Safety Check: Confirm pending tasks is low and the remaining bytes (sum of total - completed across rows) are < 10% of total data size per node. Expected Output:

pending tasks: 1
id                                   compaction type  keyspace  table   completed  total    unit  progress
e3f4a5b6-2a3b-11ef-8c4d-1a2b3c4d5e6f  Compaction       app       events  8 GiB      12.4 GiB bytes  64.52%
Active compaction remaining time :   0h01m03s

Rollback Path: If remaining bytes rebound > 200 GiB, re-run the resolver with conservative scaling (new_tp = current_tp * 1.5, new_cc = current_cc + 1).

# 2. Restore baseline compaction parameters.
nodetool setcompactionthroughput 16
nodetool setconcurrentcompactors 2

Safety Check: Monitor tpstats for 5 minutes post-revert. Ensure CompactionExecutor Pending does not spike > 50. Rollback Path: If latency spikes or the pending queue saturates, immediately re-apply scaled values: nodetool setcompactionthroughput 32 and nodetool setconcurrentcompactors 4.

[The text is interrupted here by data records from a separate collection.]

(* The good event: for every path P = x :: s (distinct vertices, consecutive
   ones adjacent) with l = size s edges, every minimal permissive block B(P)
   containing V(P) has |B(P)| <= C (l + log n). *)
Definition good_event (n q : nat) (beta C : R) (E : {set 'I_n * 'I_n}) : Prop :=
  forall (x : 'I_n) (s : seq 'I_n), uniq (x :: s) -> path (adj E) x s ->
  forall B : {set 'I_n},
    min_permissive_block q beta E [set y | y \in x :: s] B ->
    (INR #|B| <= C * (INR (size s) + ln (INR n))).

From Stdlib Require Import Reals ClassicalEpsilon.
From HB Require Import structures.
From mathcomp Require Import all_boot.
From Stdlib Require Import Lra.
From mathcomp Require Import ssralg ssrnum Rstruct.
Import GRing.Theory Num.Theory.

(* If a path [P] with [l] edges has a minimal permissive block [B] with
   [|B| > C (l + log n)], then [B] is a witness of a rare event.  Every vertex
   of [B] outside [P] has high degree (removing a low-degree one would leave a
   smaller permissive block), and [B] is connected through [P] (a proper part
   containing [P] left by no edge would be permissive), so [B] spans a set [F]
   of [|B| - 1] edges and has at least [|B| - l - 1] high-degree vertices.  As
   [q >= (2 + eps) d], the degree sum of [B] is then at least [A d |B|] for a
   constant [A > 2].  Markov's inequality for the weight [t ^ (degree sum of B)
   / t ^ (A d |B|)], summed over all candidate pairs [(B, F)], bounds the
   probability of a witness: each vertex of [B] contributes the factor
   [e^2 d t^2 exp (- (A ln t - (t^2 - 1)) d)], which is below [e^-3] for a
   suitable [t > 1] once [d] is large, and the sizes [|B| >= log n] sum to
   [O(1/n)]. *)

Set Implicit Arguments.
Unset Strict Implicit.
Unset Printing Implicit Defensive.

Local Notation graph n := {set 'I_n * 'I_n}.

(** * Minimal permissive blocks *)

Section Blocks.
Variables (n : nat) (E : graph n).

Lemma adjC u w : adj E u w = adj E w u.
Proof. by rewrite /adj orbC. Qed.

Definition induced_edges (A : {set 'I_n}) :=
  [set e in E | (e.1 \in A) && (e.2 \in A)].

Lemma induced_edges_sub (A : {set 'I_n}) : induced_edges A \subset E.
Proof. by apply/subsetP=> e; rewrite inE => /andP []. Qed.

Definition connected_from (x : 'I_n) (B : {set 'I_n}) :=
  forall A : {set 'I_n}, x \in A -> A \proper B ->
  exists u w, [/\ u \in A, w \in B :\: A & adj E u w].

Variables (q : nat) (beta : R).

Lemma minblock_outside_high S B v :
  min_permissive_block q beta E S B -> v \in B -> v \notin S ->
  ~ low_degree q beta E v.
Proof.
case=> blockB SB minB vB vS lowv.
have blockBv : permissive_block q beta E (B :\ v).
  move=> u; rewrite inE => /andP [uBv /existsP [w /andP [wBv uw]]].
  have [-> // | uv] := eqVneq u v.
  apply: blockB; rewrite !inE; apply/andP; split.
    by move: uBv; rewrite !inE uv.
  by apply/existsP; exists w; rewrite uw andbT; move: wBv; rewrite inE => /andP [].
have SBv : S \subset B :\ v.
  apply/subsetP=> y yS; rewrite !inE (subsetP SB _ yS) andbT.
  by apply: contraNneq vS => <-.
by move: vB; rewrite -(minB _ blockBv SBv (subsetDl _ _)) !inE eqxx.
Qed.
(* Tangent line of the convex function [a |-> a ^ (- q)] at [y]. *)
Lemma powN_sub_ge q x y : 0 <= q -> 0 < x -> x <= y ->
  q * (y - x) * expR (- (q + 1) * ln y) <= expR (- q * ln x) - expR (- q * ln y).
Proof.
move=> q0 x0 xy; have y0 : 0 < y by apply: lt_le_trans xy.
have ratio_le : (y - x) / y <= ln y - ln x.
  have : ln (1 + (x / y - 1)) <= x / y - 1.
    by apply: le_ln1Dx; rewrite ltrBrDl addrN divr_gt0.
  rewrite addrC subrK lnM ?posrE ?invr_gt0 // lnV ?posrE //.
  have -> : (y - x) / y = 1 - x / y by rewrite mulrBl divff ?gt_eqF.
  lra.
have -> : expR (- q * ln x) = expR (- q * ln y) * expR (q * (ln y - ln x)).
  by rewrite -expRD; congr expR; ring.
have -> : expR (- (q + 1) * ln y) = expR (- q * ln y) / y.
  have -> : - (q + 1) * ln y = - q * ln y + - ln y by ring.
  by rewrite expRD expRN lnK ?posrE.
have E0 := expR_gt0 (- q * ln y).
have -> : q * (y - x) * (expR (- q * ln y) / y) =
          expR (- q * ln y) * (q * ((y - x) / y)) by field; rewrite gt_eqF.
rewrite -[X in _ <= _ - X]mulr1 -mulrBr ler_pM2l //.
have := expR_ge1Dx (q * (ln y - ln x)); have := ler_wpM2l q0 ratio_le; lra.
Qed.

Lemma telescope2_sumr (g : nat -> R) n :
  \sum_(0 <= i < n) (g i - g i.+2) = g 0%N + g 1%N - g n - g n.+1.
Proof.
elim: n => [|n IH]; first by rewrite big_nil; lra.
by rewrite big_nat_recr //= IH; lra.
Qed.

Lemma telescope2_sumr_le (g : nat -> R) n : (forall k, 0 <= g k <= 1) ->
  \sum_(0 <= i < n) (g i - g i.+2) <= 2.
Proof.
move=> g01; rewrite telescope2_sumr.
by have := g01 0%N; have := g01 1%N; have := g01 n; have := g01 n.+1; lra.
Qed.

End Elementary.

Section LogLogMeasure.
Variable R : realType.

Lemma continuous_inv_xlnx (x : R) :
  1 < x -> {for x, continuous (fun t : R => (t * ln t)^-1)}.
Proof.
move=> x1; have x0 : 0 < x by apply: lt_trans x1.
apply: continuousV; first by rewrite mulf_neq0 ?gt_eqF ?ln_gt0.
by apply: continuousM; [exact: cvg_id | exact: continuous_ln].
Qed.

Lemma continuous_lnln (x : R) : 1 < x -> {for x, continuous (fun t : R => ln (ln t))}.
Proof.
move=> x1; apply: continuous_comp; first exact: continuous_ln (lt_trans ltr01 x1).
by apply: continuous_ln; rewrite ln_gt0.
Qed.

Lemma is_derive1_lnln (x : R) :
  1 < x -> is_derive x 1 (fun t : R => ln (ln t)) ((x * ln x)^-1).
Proof.
move=> x1; have x0 : 0 < x by apply: lt_trans x1.
have := is_derive1_comp (is_derive1_ln (ln_gt0 x1)) (is_derive1_ln x0).
by rewrite invfM mulrC.
Qed.

Lemma integral_inv_xlnx (a b : R) : expR 1 <= a -> a < b ->
  (\int[lebesgue_measure]_(t in `[a, b]) ((t * ln t)^-1)%:E =
   (ln (ln b) - ln (ln a))%:E)%E.
Proof.
move=> ea ab; have a1 : 1 < a by apply: lt_le_trans ea; rewrite -expR0 ltr_expR.
have gt1 x : a <= x -> 1 < x by move=> ax; apply: lt_le_trans ax.
rewrite EFinB.
apply: (@continuous_FTC2 R (fun t : R => (t * ln t)^-1) (fun t : R => ln (ln t))) => //.
- apply: continuous_in_subspaceT => x; rewrite inE /= in_itv /= => /andP[ax _].
  exact: continuous_inv_xlnx (gt1 _ ax).
- split.
  + move=> x; rewrite in_itv /= => /andP[ax _].
    by have [] := is_derive1_lnln (gt1 _ (ltW ax)).
  + exact/cvg_at_right_filter/continuous_lnln.
  + exact/cvg_at_left_filter/continuous_lnln/gt1/ltW.
- move=> x; rewrite in_itv /= => /andP[ax _].
  by have D := is_derive1_lnln (gt1 _ (ltW ax)); rewrite derive1E derive_val.
Qed.

Lemma measurable_inv_xlnx (A : set R) : A `<=` `[expR 1, +oo[ ->
  measurable_fun A (EFin \o (fun t : R => (t * ln t)^-1)).
Proof.
move=> Ae; apply/measurable_EFinP.
have : measurable_fun (`]1, +oo[%classic : set R) (fun t : R => (t * ln t)^-1).
  apply: open_continuous_measurable_fun; first exact: rray_open.
  by move=> x; rewrite inE /= in_itv /= andbT => /continuous_inv_xlnx.
apply: measurable_funS => // x /Ae; rewrite /= !in_itv /= !andbT.
by apply: lt_le_trans; rewrite -expR0 ltr_expR.
Qed.
Lemma fitting_decomposition n : (dimV <= n)%N ->
  (lker (fpow n) + limg (fpow n) = fullv)%VS.
Proof.
move=> le_dn.
have cap0 : (lker (fpow n) :&: limg (fpow n) = 0)%VS.
  apply/eqP; rewrite -subv0; apply/subvP => v /memv_capP [kerv /memv_imgP [u _ def_v]].
  rewrite def_v in kerv *; rewrite memv0 -memv_ker -(lker_fpow_stable n le_dn).
  by rewrite memv_ker fpowE iterD -!fpowE -memv_ker.
apply/eqP; rewrite eqEdim subvf /= -(limg_ker_dim (fpow n) fullv) capfv.
by have := dimv_sum_cap (lker (fpow n)) (limg (fpow n)); rewrite cap0 dimv0 addn0 => ->.
Qed.

End Fitting.

Section BilinearProduct.
Variables (F : fieldType) (V : vectType F) (mul : V -> V -> V).
Hypothesis mul_bilinear : bilinear_mul mul.
Local Notation dimV := (\dim (fullv : {vspace V})).

Lemma mulDl x y z : mul (x + y) z = mul x z + mul y z.
Proof. by have := (proj1 mul_bilinear) 1 x y z; rewrite !scale1r. Qed.
Lemma mulDr x y z : mul x (y + z) = mul x y + mul x z.
Proof. by have := (proj2 mul_bilinear) 1 x y z; rewrite !scale1r. Qed.
Lemma mul0l z : mul 0 z = 0.
Proof. by apply: (addrI (mul 0 z)); rewrite addr0 -mulDl addr0. Qed.
Lemma mul0r z : mul z 0 = 0.
Proof. by apply: (addrI (mul z 0)); rewrite addr0 -mulDr addr0. Qed.
Lemma mulZl a x z : mul (a *: x) z = a *: mul x z.
Proof. by have := (proj1 mul_bilinear) a x 0 z; rewrite !addr0 mul0l addr0. Qed.
Lemma mulZr a x z : mul x (a *: z) = a *: mul x z.
Proof. by have := (proj2 mul_bilinear) a x z 0; rewrite !addr0 mul0r addr0. Qed.

Definition lmul (x : V) : V -> V := mul x.
HB.instance Definition _ x := GRing.isLinear.Build F V V _ (lmul x)
  (fun a => proj2 mul_bilinear a x).
Definition Lmul (x : V) : 'End(V) := linfun (lmul x).

Lemma LmulE x v : Lmul x v = mul x v.
Proof. exact: lfunE. Qed.
(* Let $(G,\precsim)$ be a compatible quasi-ordered abelian group and $H$ a $\precsim$-convex subgroup of $G$. Then for all $g_1,g_2\in G$ with $g_1-g_2\notin H$ and $g_1\precsim g_2$, and all $h_1,h_2\in H$, we have $g_1+h_1\precsim g_2+h_2$. Consequently the relation on $G/H$ defined by $g+H\precsim h+H\Leftrightarrow g-h\in H\vee(g-h\notin H\wedge g\precsim h)$ is a well-defined total quasi-order on $G/H$; moreover $(G/H,\precsim)$ is again a compatible quasi-ordered abelian group, and the canonical projection $G\to G/H$ is a homomorphism of quasi-ordered groups.
   Context: A compatible quasi-ordered abelian group is an abelian group $G$ with a total quasi-order $\precsim$ (reflexive, transitive, any two elements comparable) such that, writing $a\sim b$ for $a\precsim b\wedge b\precsim a$: $(Q_1)$ $x\sim0\Rightarrow x=0$; $(Q_2)$ $x\precsim y\wedge y\not\sim z\Rightarrow x+z\precsim y+z$, for all $x,y,z$. $S$ is $\precsim$-convex if $s,t\in S$, $s\precsim a\precsim t$ imply $a\in S$. A homomorphism of quasi-ordered groups is a group homomorphism $\phi$ with $g_1\precsim g_2\Rightarrow\phi(g_1)\precsim\phi(g_2)$. *)

From mathcomp Require Import all_boot all_algebra.
Set Implicit Arguments. Unset Strict Implicit. Unset Printing Implicit Defensive.
Import GRing.Theory.
Local Open Scope ring_scope.

Definition total_quasi_order (T : Type) (le : T -> T -> Prop) : Prop :=
  (forall x, le x x) /\
  (forall x y z, le x y -> le y z -> le x z) /\
  (forall x y, le x y \/ le y x).

Definition qsim (T : Type) (le : T -> T -> Prop) (x y : T) : Prop :=
  le x y /\ le y x.

Definition cqoag (G : zmodType) (le : G -> G -> Prop) : Prop :=
  total_quasi_order le /\
  (forall x, qsim le x 0 -> x = 0) /\
  (forall x y z, le x y -> ~ qsim le y z -> le (x + z) (y + z)).

Definition is_subgroup (G : zmodType) (H : G -> Prop) : Prop :=
  H 0 /\ (forall x y, H x -> H y -> H (x - y)).

Definition qconvex (T : Type) (le : T -> T -> Prop) (S : T -> Prop) : Prop :=
  forall s t a, S s -> S t -> le s a -> le a t -> S a.

Definition qo_hom (G Q : zmodType) (leG : G -> G -> Prop) (leQ : Q -> Q -> Prop)
  (f : G -> Q) : Prop :=
  (forall x y, f (x + y) = f x + f y) /\
  (forall x y, leG x y -> leQ (f x) (f y)).

Definition rep_rel (G : zmodType) (le : G -> G -> Prop) (H : G -> Prop) (g h : G) : Prop :=
  H (g - h) \/ (~ H (g - h) /\ le g h).

(* the induced relation on a quotient Q of G presented by pi : G -> Q *)
Definition quot_rel (G Q : zmodType) (le : G -> G -> Prop) (H : G -> Prop)
  (pi : G -> Q) (a b : Q) : Prop :=
  exists g h, pi g = a /\ pi h = b /\ rep_rel le H g h.

From mathcomp Require Import all_boot all_algebra.
From Stdlib Require Import Classical.
Import GRing.Theory.
Local Open Scope ring_scope.

(** Everything rests on one convexity fact: an element outside the convex
    subgroup H that lies below (above) some element of H lies below (above)
    all of H, and is never equivalent to an element of H. Hence axiom (Q2)
    can be used to add h ∈ H to either side of [g1 ≾ g2] except when
    [g2 ~ -g2], a case treated separately. Once translation by H is
    harmless, the relation on representatives is independent of the
    choice of representatives, and the axioms descend to G/H. *)

Section CompatibleQuasiOrder.

Variables (G : zmodType) (le : G -> G -> Prop).
Hypothesis hG : cqoag le.

Lemma qo_trans {x y z} : le x y -> le y z -> le x z.
Proof. by case: hG => [[_ [tr _]] _]; apply: tr. Qed.

Lemma qo_total x y : le x y \/ le y x.
Proof. by case: hG => [[_ []]]. Qed.

Lemma qsim0_eq0 {x} : le x 0 -> le 0 x -> x = 0.
Proof. by case: hG => [_ [q1 _]] x_le0 x_ge0; apply: q1. Qed.

Lemma qo_addr {x y z} : le x y -> ~ qsim le y z -> le (x + z) (y + z).
Proof. by case: hG => [_ [_ q2]]; apply: q2. Qed.

Lemma le0_addl {x} z : le x 0 -> le (x + z) z.
Proof.
move=> x_le0; have [->|z_neq0] := eqVneq z 0; first by rewrite addr0.
rewrite -[z in le _ z]add0r; apply: qo_addr => // -[z_ge0 z_le0].
by move/eqP: z_neq0; apply; apply: qsim0_eq0.
Qed.

Lemma le0_oppr_ge0 {x} : le x 0 -> le 0 (- x).
Proof. by move=> x_le0; have := le0_addl (- x) x_le0; rewrite subrr. Qed.

Lemma ge0_oppr_le0 {x} : le 0 x -> ~ qsim le x (- x) -> le (- x) 0.
Proof. by move=> x_ge0 nsim; have := qo_addr x_ge0 nsim; rewrite add0r subrr. Qed.

Section ConvexSubgroup.

Variable H : G -> Prop.
Hypotheses (hH : is_subgroup H) (hconv : qconvex le H).

Lemma subg0 : H 0. Proof. by case: hH. Qed.

Lemma subgB {x y} : H x -> H y -> H (x - y). Proof. by case: hH => _; apply. Qed.

Lemma subgN {x} : H x -> H (- x).
Proof. by move=> hx; have := subgB subg0 hx; rewrite add0r. Qed.

Lemma subgD {x y} : H x -> H y -> H (x + y).
Proof. by move=> hx hy; have := subgB hx (subgN hy); rewrite opprK. Qed.

Lemma notsubgD {x h} : ~ H x -> H h -> ~ H (x + h).
Proof. by move=> nx hh hxh; apply: nx; have := subgB hxh hh; rewrite addrK. Qed.

Lemma notsubgN {x} : ~ H x -> ~ H (- x).
Proof. by move=> nx /subgN; rewrite opprK. Qed.

Lemma subg_diffxx x : H (x - x). Proof. by rewrite subrr; apply: subg0. Qed.

Lemma subg_diff_sym {x y} : H (x - y) -> H (y - x).
Proof. by move=> /subgN; rewrite opprB. Qed.

Lemma not_qsim_out_in {x h} : ~ H x -> H h -> ~ qsim le x h.
Proof. by move=> nx hh [xh hx]; apply: nx; apply: (hconv _ _ _ hh hh). Qed.

Lemma not_qsim_in_out {h x} : H h -> ~ H x -> ~ qsim le h x.
Proof. by move=> hh nx [hx xh]; apply: (not_qsim_out_in nx hh). Qed.

Lemma outside_le {x s t} : ~ H x -> H s -> H t -> le x s -> le x t.
Proof.
move=> nx hs ht xs; have [//|tx] := qo_total x t.
by case: nx; apply: (hconv _ _ _ ht hs).
Qed.

Lemma outside_ge {x s t} : ~ H x -> H s -> H t -> le s x -> le t x.
Proof.
move=> nx hs ht sx; have [xt|//] := qo_total x t.
by case: nx; apply: (hconv _ _ _ hs ht).
Qed.

Lemma qsim_opp_le_addr {y h} : ~ H y -> qsim le y (- y) -> H h -> le y (y + h).
Proof.
move=> ny [y_le_ny ny_le_y] hh.
have [h_ge0|h_le0] := qo_total 0 h.
  by have := qo_addr h_ge0 (not_qsim_in_out hh ny); rewrite add0r addrC.
have ny_le : le (- y) (- (y + h)).
  have := qo_addr (le0_oppr_ge0 h_le0) (not_qsim_in_out (subgN hh) (notsubgN ny)).
  by rewrite add0r -opprD addrC.
set w := y + h in ny_le *.
suff : le (- w) w by apply: qo_trans (qo_trans y_le_ny ny_le).
have [[_ //]|nsim] := classic (qsim le w (- w)).
have w_ge0 : le 0 w.
  have [//|w_le0] := qo_total 0 w.
  have y_le_nh : le y (- h) by have := le0_addl (- h) w_le0; rewrite /w addrK.
  have y_le0 := outside_le ny (subgN hh) subg0 y_le_nh.
  suff y_ge0 : le 0 y by case: ny; rewrite (qsim0_eq0 y_le0 y_ge0); apply: subg0.
  by have := le0_addl y (qo_trans ny_le_y y_le0); rewrite addNr.
exact: qo_trans (ge0_oppr_le0 w_ge0 nsim) w_ge0.
Qed.

Lemma le_addr_subg {g1 g2 h} : ~ H (g1 - g2) -> le g1 g2 -> H h -> le g1 (g2 + h).
Proof.
move=> nd g12 hh.
have [hg2|ng2] := classic (H g2).
  have ng1 : ~ H g1 by move=> hg1; apply: nd; apply: subgB.
  exact: outside_le ng1 hg2 (subgD hg2 hh) g12.
have [d_le_h|h_le_d] := qo_total (g1 - g2) h.
  by have := qo_addr d_le_h (not_qsim_in_out hh ng2); rewrite subrK addrC.
have d_ge0 : le 0 (g1 - g2) := outside_ge nd hh subg0 h_le_d.
suff sim2 : qsim le g2 (- g2) by exact: qo_trans g12 (qsim_opp_le_addr ng2 sim2 hh).
have [//|nsim] := classic (qsim le g2 (- g2)).
have d_le0 : le (g1 - g2) 0 by have := qo_addr g12 nsim; rewrite subrr.
by case: nd; rewrite (qsim0_eq0 d_le0 d_ge0); apply: subg0.
Qed.

Lemma le_addl_subg {g1 g2 h} : ~ H (g1 - g2) -> le g1 g2 -> H h -> le (g1 + h) g2.
Proof.
move=> nd g12 hh.
have [hg2|ng2] := classic (H g2).
  have ng1 : ~ H g1 by move=> hg1; apply: nd; apply: subgB.
  have g1h_le_h := le0_addl h (outside_le ng1 hg2 subg0 g12).
  exact: outside_le (notsubgD ng1 hh) hh hg2 g1h_le_h.
have ng2h : ~ H (g2 - h) := notsubgD ng2 (subgN hh).
by have := qo_addr (le_addr_subg nd g12 (subgN hh)) (not_qsim_out_in ng2h hh);
  rewrite subrK.
Qed.

Lemma le_add_subg {g1 g2 h1 h2} : ~ H (g1 - g2) -> le g1 g2 -> H h1 -> H h2 ->
  le (g1 + h1) (g2 + h2).
Proof.
move=> nd g12 hh1 hh2; apply: (le_addr_subg _ (le_addl_subg nd g12 hh1) hh2).
by rewrite addrAC; apply: notsubgD.
Qed.

Lemma rep_rel_refl x : rep_rel le H x x.
Proof. by left; apply: subg_diffxx. Qed.

Lemma rep_rel_of_le {x y} : le x y -> rep_rel le H x y.
Proof. by move=> xy; have [|] := classic (H (x - y)); [left | right]. Qed.

Lemma rep_rel_total x y : rep_rel le H x y \/ rep_rel le H y x.
Proof.
have [hxy|_] := classic (H (x - y)); first by left; left.
by have [] := qo_total x y; [left | right]; apply: rep_rel_of_le.
Qed.

Lemma rep_rel_congr {g h g' h'} : H (g' - g) -> H (h' - h) ->
  rep_rel le H g h -> rep_rel le H g' h'.
Proof.
move=> hg hh.
have E : g' - h' = (g - h) + ((g' - g) - (h' - h)).
  by rewrite addrACA -opprD !subrKC.
case=> [hgh|[ngh gh]]; [left | right]; rewrite E.
  by apply: subgD => //; apply: subgB.
split; first by apply: notsubgD => //; apply: subgB.
by have := le_add_subg ngh gh hg hh; rewrite !subrKC.
Qed.

Lemma rep_rel_trans {y x z} : rep_rel le H x y -> rep_rel le H y z -> rep_rel le H x z.
Proof.
move=> rxy ryz; case: (ryz) => [hyz|[_ yz]].
  by apply: rep_rel_congr rxy; [apply: subg_diffxx | apply: subg_diff_sym].
case: rxy => [hxy|[_ xy]]; first by apply: rep_rel_congr ryz => //; apply: subg_diffxx.
exact: rep_rel_of_le (qo_trans xy yz).
Qed.

Section Quotient.

Variables (Q : zmodType) (pi : G -> Q).
Hypotheses (piD : forall x y, pi (x + y) = pi x + pi y)
  (pi_surj : forall q, exists g, pi g = q) (pi_ker : forall g, pi g = 0 <-> H g).

Lemma pi0 : pi 0 = 0.
Proof. by apply: (addrI (pi 0)); rewrite -piD !addr0. Qed.

Lemma piB x y : pi (x - y) = pi x - pi y.
Proof. by apply: (addIr (pi y)); rewrite -piD !subrK. Qed.

Lemma pi_eq_subg {g g'} : pi g = pi g' -> H (g' - g).
Proof. by move=> e; apply/pi_ker; rewrite piB e subrr. Qed.

Lemma rep_rel_pi {g h g' h'} : pi g = pi g' -> pi h = pi h' ->
  rep_rel le H g h <-> rep_rel le H g' h'.
Proof.
move=> eg eh; split; apply: rep_rel_congr; apply: pi_eq_subg; by [rewrite eg | rewrite eh].
Qed.

Lemma quot_relE g h : quot_rel le H pi (pi g) (pi h) <-> rep_rel le H g h.
Proof.
split=> [[g0 [h0 [eg [eh r]]]]|r]; last by exists g, h.
exact: proj1 (rep_rel_pi eg eh) r.
Qed.

Lemma quot_rel_total_quasi_order : total_quasi_order (quot_rel le H pi).
Proof.
split; [|split].
- by move=> a; have [g <-] := pi_surj a; apply/quot_relE; apply: rep_rel_refl.
- move=> a b c; have [g <-] := pi_surj a; have [h <-] := pi_surj b.
  have [k <-] := pi_surj c.
  by move=> /quot_relE ghr /quot_relE hkr; apply/quot_relE; apply: rep_rel_trans ghr hkr.
- move=> a b; have [g <-] := pi_surj a; have [h <-] := pi_surj b.
  by have [] := rep_rel_total g h; [left | right]; apply/quot_relE.
Qed.

Lemma quot_rel_cqoag : cqoag (quot_rel le H pi).
Proof.
split; first exact: quot_rel_total_quasi_order.
split.
- move=> a; have [g <-] := pi_surj a; case; rewrite -pi0.
  move=> /quot_relE g_le0 /quot_relE g_ge0; rewrite pi0; apply/pi_ker.
  case: g_le0 => [|[_ g_le0]]; first by rewrite subr0.
  case: g_ge0 => [/subgN|[_ g_ge0]]; first by rewrite sub0r opprK.
  by rewrite (qsim0_eq0 g_le0 g_ge0); apply: subg0.
- move=> a b c; have [g <-] := pi_surj a; have [h <-] := pi_surj b.
  have [k <-] := pi_surj c.
  move=> /quot_relE ghr nsim; rewrite -!piD; apply/quot_relE.
  have E : (g + k) - (h + k) = g - h by rewrite opprD addrACA subrr addr0.
  case: ghr => [hgh|[ngh gh]]; [left | right]; rewrite E //; split=> //.
  apply: (qo_addr (z := k) gh) => -[hk kh]; apply: nsim.
  by split; apply/quot_relE; apply: rep_rel_of_le.
Qed.

Lemma pi_qo_hom : qo_hom le (quot_rel le H pi) pi.
Proof. by split=> // x y /rep_rel_of_le /quot_relE. Qed.

End Quotient.

End ConvexSubgroup.

End CompatibleQuasiOrder.

Theorem mainTheorem9 (G : zmodType) (le : G -> G -> Prop) (H : G -> Prop)
  (hG : cqoag le) (hH : is_subgroup H) (hconv : qconvex le H) :
  (forall g1 g2 h1 h2 : G, ~ H (g1 - g2) -> le g1 g2 -> H h1 -> H h2 ->
     le (g1 + h1) (g2 + h2)) /\
  (forall (Q : zmodType) (pi : G -> Q),
     (forall x y, pi (x + y) = pi x + pi y) ->
     (forall q : Q, exists g, pi g = q) ->
     (forall g, pi g = 0 <-> H g) ->
     (forall g h g' h', pi g = pi g' -> pi h = pi h' ->
        (rep_rel le H g h <-> rep_rel le H g' h')) /\
     total_quasi_order (quot_rel le H pi) /\
     cqoag (quot_rel le H pi) /\
     qo_hom le (quot_rel le H pi) pi).
Proof.
split=> [|Q pi piD pi_surj pi_ker]; first exact: le_add_subg.
split; first exact: rep_rel_pi.
split; first exact: quot_rel_total_quasi_order.
split; [exact: quot_rel_cqoag | exact: pi_qo_hom].
Qed.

# 3. Final latency & thread-pool validation.
nodetool tpstats | grep -E "Pool Name|MutationStage|ReadStage|CompactionExecutor"

Safety Check: Cross-reference application p99 latency dashboards. tpstats has no Max column — gate on the Pending, Blocked, and All time blocked columns staying near zero for all pools. Rollback Path: If thread starvation persists, investigate write amplification via nodetool tablestats and consider a strategy migration (e.g. STCS → LCS or TWCS).

Troubleshooting

  • WriteTimeoutException during scaling. Raising concurrent_compactors too aggressively steals CPU and disk bandwidth from the write path, so mutations time out at the coordinator. Root cause: compaction I/O oversubscribed the device. Fix: lower concurrency back toward min(cores, disks) and cap compaction throughput at 50% of sustained disk write bandwidth; never let compaction plus repair streaming exceed the device ceiling.
  • DiskFailurePolicy / FSWriteError events while draining. Scaling throughput beyond what the array can sustain saturates the I/O queue and Cassandra interprets stalled writes as disk failure. Root cause: throughput ceiling set above real device bandwidth. Fix: revert to baseline throughput immediately, benchmark the disk with a controlled nodetool setcompactionthroughput sweep, and keep headroom for flushes and repair. Whole-table expiry pressure that shows up as OutOfSpaceException is a related symptom — free space via archival before scaling, not by racing compaction.
  • Backlog rebounds within minutes of restoring baseline. The resolver reports success but pending tasks climb again as soon as scaled settings revert. Root cause: the true bottleneck is a mismatched compaction strategy or a repair that reintroduces overlapping SSTables faster than baseline throughput can merge them, not a transient burst. Fix: keep the intermediate scaled values, then address the source — re-evaluate the table’s strategy against the STCS, LCS, and TWCS trade-offs and stagger repair so validation never overlaps a compaction storm.